A function call puts a stack frame holding data onto the stack; when the call is done, the frame vanishes. If a mutable instance is stored in the stack frame, the instance vanishes when the call is over; you’ll never be able to return it. So, mutables are usually stored in heap memory. Unfortunately, allocating data on the heap is slower, and the garbage collector has to stop the program to figure out if a mutable instance is no longer needed and delete it. It’s common practice to reduce heap allocations as much as possible in performance-critical code, and this often means reducing instantiation of mutable types. A compiler optimization is proving a mutable instance does not escape the function, so it can be allocated on and freed by the stack instead.

An immutable instance cannot mutate and is not identified by address, so it can be copied around in memory, just like the address of a mutable instance. If an immutable instance is stored in the stack frame, the value can just be copied outside the stack frame to return before the stack frame vanishes. If a variable is reassigned a different immutable instance with a fixed size, you don’t need a different address, you can just overwrite the same segment of stack memory. Another way that not needing a separate address helps is inlining immutable elements into an array or struct so the garbage collector only needs to track that 1 array or struct, not all the different elements and fields.

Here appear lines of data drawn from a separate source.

End ProperSubalgebra.

Lemma central_of_centralZ (F : fieldType) (A : algType F) (c : F) (x : A) :
  c != 0 -> central (c *: x) -> central x.
Proof. by move=> nz_c cx y; apply: (scalerI nz_c); rewrite scalerAl cx -scalerAr. Qed.

Section InfiniteField.
Variable F : fieldType.
Hypothesis F_infinite : forall s : seq F, exists c, c \notin s.

Lemma uniq_seq_of_size n : exists2 s : seq F, uniq s & size s = n.
Proof.
elim: n => [|n [s Us <-]]; first by exists [::].
by have [c s'c] := F_infinite s; exists (c :: s); rewrite /= ?s'c.
Qed.

Lemma poly_eq0_of_roots (P : {poly F}) : (forall c, P.[c] = 0) -> P = 0.
Proof.
move=> P0; apply/eqP; apply: contraT => nzP.
have [s Us Ss] := uniq_seq_of_size (size P).
have := max_poly_roots nzP _ Us; rewrite Ss ltnn; apply.
by apply/allP => c _; apply/rootP.
Qed.

Lemma power_combination_eq0 (V : vectType F) n (v : nat -> V) :
  (forall c : F, \sum_(i < n) c ^+ i *: v i = 0) -> forall i, (i < n)%N -> v i = 0.
Proof.
move=> v0 i lt_in; rewrite (coord_vbasis (memvf (v i))); apply: big1 => j _.
pose P := \poly_(k < n) coord (vbasis fullv) j (v k).
suff /(congr1 (coefp i)) : P = 0.
  by rewrite /= coef_poly lt_in coef0 => ->; rewrite scale0r.
apply: poly_eq0_of_roots => c; rewrite horner_poly.
transitivity (coord (vbasis fullv) j (\sum_(k < n) c ^+ k *: v k)).
  by rewrite linear_sum; apply: eq_bigr => k _; rewrite linearZ /= mulrC.
by rewrite v0 linear0.
Qed.

Variable R : falgType F.

Lemma central_power_combination n (v : nat -> R) :
  (forall c : F, central (\sum_(i < n) c ^+ i *: v i)) ->
  forall i, (i < n)%N -> central (v i).
Proof.
move=> cv i lt_in w; apply/eqP; rewrite -subr_eq0; apply/eqP.
apply: (power_combination_eq0 (v := fun k => v k * w - w * v k)) lt_in => c.
have := cv c w; rewrite /GRing.comm mulr_suml mulr_sumr => /eqP.
rewrite -subr_eq0 -sumrB => /eqP/(etrans _); apply; apply: eq_bigr => k _.
by rewrite scalerBr scalerAl scalerAr.
Qed.

Lemma central_power_of_central_peval (p : {poly F}) :
  (1 < size p)%N -> (forall y : R, central (peval p y)) ->
  forall y : R, central (y ^+ (size p).-1).
Proof.
move=> p_gt1 cp y; have nz_p : p != 0 by rewrite -size_poly_gt0 ltnW.
apply: (central_of_centralZ (_ : lead_coef p != 0)); first by rewrite lead_coef_eq0.
apply: (central_power_combination (n := size p) (v := fun i => p`_i *: y ^+ i)).
  move=> c /=; suff -> : \sum_(i < size p) c ^+ i *: (p`_i *: y ^+ i) = peval p (c *: y).
    exact: cp.
  by rewrite pevalE; apply: eq_bigr => i _; rewrite exprZn !scalerA mulrC.
by rewrite prednK // ltnW.
Qed.

End InfiniteField.

Section FiniteScalars.
Variables (F : fieldType) (R : falgType F) (s : seq F).
Hypothesis s_full : forall c : F, c \in s.
Hypothesis R_unit : forall x : R, x != 0 -> x \is a GRing.unit.

Let full_finite (T : eqType) (e : seq T) : (forall x, x \in e) -> finite_axiom (undup e).
Proof. by move=> e_full x; rewrite count_uniq_mem ?undup_uniq // mem_undup e_full. Qed.

Let Ffin := fin_type (full_finite s_full).
Let enumR : seq R :=
  codom (fun r : 'rV[Ffin]_(\dim {:R}) => passmx.vecof (vbasis {:R}) r).

Let enumR_full x : x \in enumR.
Proof.
rewrite -(passmx.rVofK (vbasisP {:R}) x).
exact: (codom_f _ (passmx.rVof (vbasis {:R}) x : 'rV[Ffin]_(\dim {:R}))).
Qed.

Let Rfin : Type := R.
HB.instance Definition _ := GRing.UnitRing.on Rfin.
HB.instance Definition _ :=
  isCountable.Build Rfin (fin_pickleK (f := full_finite enumR_full)).
HB.instance Definition _ := isFinite.Build Rfin (full_finite enumR_full).

Lemma finite_scalars_mulrC : commutative (@GRing.mul R).
Proof.
apply: (@finDomain_mulrC Rfin) => x y xy0; apply/norP => -[nz_x nz_y].
by move/eqP: nz_y; apply; rewrite -(mulKr (R_unit nz_x) y) xy0 mulr0.
Qed.

End FiniteScalars.

Lemma noncomm_division_infinite_scalars (F : fieldType) (R : falgType F) :
  (forall x : R, x != 0 -> x \is a GRing.unit) -> (exists x y : R, x * y != y * x) ->
  forall s : seq F, exists c, c \notin s.
Proof.
move=> R_unit [x [y nxy]] s; apply: NNPP => no_new_scalar; move: nxy.
have s_full c : c \in s by apply/negPn/negP => s'c; apply: no_new_scalar; exists c.
by rewrite (finite_scalars_mulrC s_full R_unit) eqxx.
Qed.

Lemma exprDn_comm_binom0 (A : pzRingType) m (x y : A) :
  (0 < m)%N -> (forall i, (0 < i < m)%N -> 'C(m, i)%:R = 0 :> A) ->
  GRing.comm x y -> (x + y) ^+ m = x ^+ m + y ^+ m.
Proof.
case: m => // m _ binom0 cxy; rewrite exprDn_comm // big_ord_recr big_ord_recl /=.
rewrite subn0 subnn bin0 binn expr0 mulr1 mul1r !mulr1n big1 ?addr0 // => i _.
by rewrite /bump /= add1n -mulr_natr binom0 ?mulr0 //= ltnS ltn_ord.
Qed.

(* With [h := u x] one has [x h = (h + 1) x], hence [x h^m = (h^m + 1) x]. *)
Lemma commutator1_expr_noncomm (A : nzRingType) m (x u : A) :
  (0 < m)%N -> (forall i, (0 < i < m)%N -> 'C(m, i)%:R = 0 :> A) ->
  x * u - u * x = 1 -> ~ GRing.comm ((u * x) ^+ m) x.
Proof.
move=> m_gt0 binom0 xu1 chx; set h := u * x.
have xh : x * h = (h + 1) * x by rewrite mulrA -xu1 addrC subrK.
have xhk k : x * h ^+ k = (h + 1) ^+ k * x.
  elim: k => [|k IHk]; first by rewrite !expr0 mulr1 mul1r.
  by rewrite !exprSr mulrA IHk -mulrA xh mulrA.
have x0 : x = 0.
  have : x * h ^+ m = h ^+ m * x + x.
    by rewrite xhk exprDn_comm_binom0 ?expr1n ?mulrDl ?mul1r //; apply: commr1.
  by rewrite chx -{1}[_ * _]addr0 => /addrI.
by move: xu1; rewrite x0 mul0r mulr0 subrr => /eqP; rewrite eq_sym oner_eq0.
Qed.

Section InnerDerivation.
Variables (F : fieldType) (R : falgType F).
Import FalgLfun.

Definition ad (x : R) : 'End(R) := amull x - amulr x.

Lemma adE x z : ad x z = x * z - z * x.
Proof. by rewrite add_lfunE opp_lfunE !lfunE. Qed.

Lemma ad_exprSr x n z : (ad x ^+ n.+1) z = ad x ((ad x ^+ n) z).
Proof. by rewrite exprSr lfun_mulE. Qed.

Hypothesis R_unit : forall x : R, x != 0 -> x \is a GRing.unit.

(* If [c := ad_x^k y] is the last nonzero iterate, then [c] commutes with [x] and
   [u := c^-1 ad_x^(k-1) y] satisfies [x u - u x = 1]. *)
Lemma ad_nilpotent_commutator1 (x y : R) n :
  x * y != y * x -> (forall z, (ad x ^+ n) z = 0) -> exists u, x * u - u * x = 1.
Proof.
move=> nxy adn0; pose v k := (ad x ^+ k) y.
have v1 : v 1%N != 0 by rewrite /v expr1 adE subr_eq0.
have v_le_n k : v k != 0 -> (k <= n)%N.
  move=> nz_vk; rewrite leqNgt; apply: contra nz_vk => /ltnW le_nk; apply/eqP.
  by rewrite /v -(subnK le_nk) exprD lfun_mulE adn0.
have [k nz_vk k_max] := ex_maxnP (ex_intro (fun k => v k != 0) 1%N v1) v_le_n.
have k_gt0 : (0 < k)%N := k_max 1%N v1.
have cx : GRing.comm x (v k).
  apply/eqP; rewrite -subr_eq0 -adE /v -ad_exprSr; apply: contraT => /k_max.
  by rewrite ltnn.
exists ((v k)^-1 * v k.-1); rewrite mulrA (commrV cx) -!mulrA -mulrBr -adE.
by rewrite /v -ad_exprSr prednK // mulVr // R_unit.
Qed.

Lemma amull_expr x n z : ((amull x : 'End(R)) ^+ n) z = x ^+ n * z.
Proof.
elim: n z => [|n IHn] z; first by rewrite !expr0 id_lfunE mul1r.
by rewrite exprSr lfun_mulE IHn lfunE /= exprS mulrA.
Qed.

Lemma opp_amulr_expr x n z :
  ((- amulr x : 'End(R)) ^+ n) z = (-1) ^+ n *: (z * x ^+ n).
Proof.
elim: n z => [|n IHn] z; first by rewrite !expr0 id_lfunE scale1r mulr1.
rewrite exprS lfun_mulE IHn opp_lfunE lfunE /= mulNr -mulrA -exprS.
by rewrite scalerN [in RHS]exprS mulN1r scaleNr.
Qed.

Variable m : nat.
Hypothesis m_gt0 : (0 < m)%N.
Hypothesis binom0 : forall i, (0 < i < m)%N -> 'C(m, i)%:R = 0 :> F.

Lemma binom0_alg (A : lalgType F) i : (0 < i < m)%N -> 'C(m, i)%:R = 0 :> A.
Proof. by move=> i_mid; rewrite -(scaler_nat _ (1 : A)) binom0 // scale0r. Qed.

Lemma ad_expr_binom0 x z : (ad x ^+ m) z = x ^+ m * z + (-1) ^+ m *: (z * x ^+ m).
Proof.
have comm_lr : GRing.comm (amull x) (- amulr x).
  by apply/lfunP => y; rewrite !lfun_mulE !opp_lfunE !lfunE /= mulrN mulrA.
rewrite /ad exprDn_comm_binom0 //; last exact: binom0_alg.
by rewrite lfunE /= amull_expr opp_amulr_expr.
Qed.

Lemma ad_nilpotent x : central (x ^+ m) -> forall z, (ad x ^+ m) z = 0.
Proof.
move=> cxm; have ad1 : (ad x ^+ m) 1 = 0.
  by case: m m_gt0 => // k _; rewrite exprS lfun_mulE adE mulr1 mul1r subrr linear0.
move=> z; rewrite ad_expr_binom0 -cxm scalerAl -mulrDl.
by move: ad1; rewrite ad_expr_binom0 mulr1 mul1r => ->; rewrite mul0r.
Qed.

End InnerDerivation.

Section CentralPowers.
Variables (F : fieldType) (R : falgType F).
Hypothesis F_infinite : forall s : seq F, exists c, c \notin s.
Hypothesis R_unit : forall x : R, x != 0 -> x \is a GRing.unit.
Hypothesis R_noncomm : exists x y : R, x * y != y * x.

Lemma noncomm_no_central_power m : (0 < m)%N -> ~ (forall y : R, central (y ^+ m)).
Proof.
elim/ltn_ind: m => m IHm m_gt0 cm.
case: (boolP [exists i : 'I_m, (0 < i)%N && ('C(m, i)%:R != 0 :> F)]).
  case/existsP => i /andP[i_gt0 nz_bin]; apply: (IHm i (ltn_ord i) i_gt0) => y.
  apply: (central_of_centralZ nz_bin).
  apply: (central_power_combination F_infinite (n := m.+1)
           (v := fun k => 'C(m, k)%:R *: y ^+ k)); last by rewrite ltnS ltnW.
  move=> c /=.
  suff -> : \sum_(k < m.+1) c ^+ k *: ('C(m, k)%:R *: y ^+ k) = (c *: y + 1) ^+ m.
    exact: cm.
  by rewrite exprD1n; apply: eq_bigr => k _; rewrite exprZn scaler_nat -scalerMnr.
move=> no_bin; have binom0 i : (0 < i < m)%N -> 'C(m, i)%:R = 0 :> F.
  case/andP=> i_gt0 lt_im; apply/eqP; apply: contraNT no_bin => nz_bin.
  by apply/existsP; exists (Ordinal lt_im); rewrite i_gt0 nz_bin.
have [x [y nxy]] := R_noncomm.
have [u xu1] := ad_nilpotent_commutator1 R_unit nxy (ad_nilpotent m_gt0 binom0 (cm x)).
by apply: (commutator1_expr_noncomm m_gt0 (binom0_alg binom0 R) xu1); apply: cm.
Qed.

End CentralPowers.

Unset Implicit Arguments.
Set Strict Implicit.

Theorem theorem2p3 (F : fieldType) (R : falgType F)
  (hdiv : forall x : R, x != 0 -> x \is a GRing.unit)
  (hnc : exists x y : R, x * y != y * x)
  (p : {poly F}) (hp : (1 < size p)%N) :
  @generates_algebra F R (pcomm_set (R:=R) p).
Proof.
move=> S S_subalg S_T x; apply: NNPP => nSx.
have F_infinite := noncomm_division_infinite_scalars hdiv hnc.
have cT (t : R) : pcomm_set p t -> central t.
  move=> Tt; apply: (subalg_conj_central S_subalg hdiv _ nSx) => u Uu.
  exact/S_T/pcomm_set_conj.
have cP (y : R) : central (peval p y).
  by apply: (central_of_central_conj_diff hdiv) => b Ub; apply/cT/pcomm_set_peval_conj.
have deg_gt0 : (0 < (size p).-1)%N by rewrite ltn_predRL.
apply: (noncomm_no_central_power F_infinite hdiv hnc deg_gt0).
exact/(central_power_of_central_peval F_infinite hp cP).
Qed.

In the same vein, a mutable’s fixed address gets to be on the stack or inlined. There are data structures with memory of unfixed size that move around on the heap for more room, but the primary address will remain the same, it’ll just hold another varying address. As you’ve noticed, an immutable struct stores fixed addresses of the contained mutable instances, so you can’t reassign different instances to the fields. However, you can use the fields to access and mutate the mutable instances.

9 Likes

My understand is rather simple.
When an object is mutable, in the struct is stored just its memory address, not the whole object (and this goes recursivelly, including in an Array, that is just another struct).
It is this memory address that, in a immutable struct, can’t change, but whtever is stored in that memory address can fully change.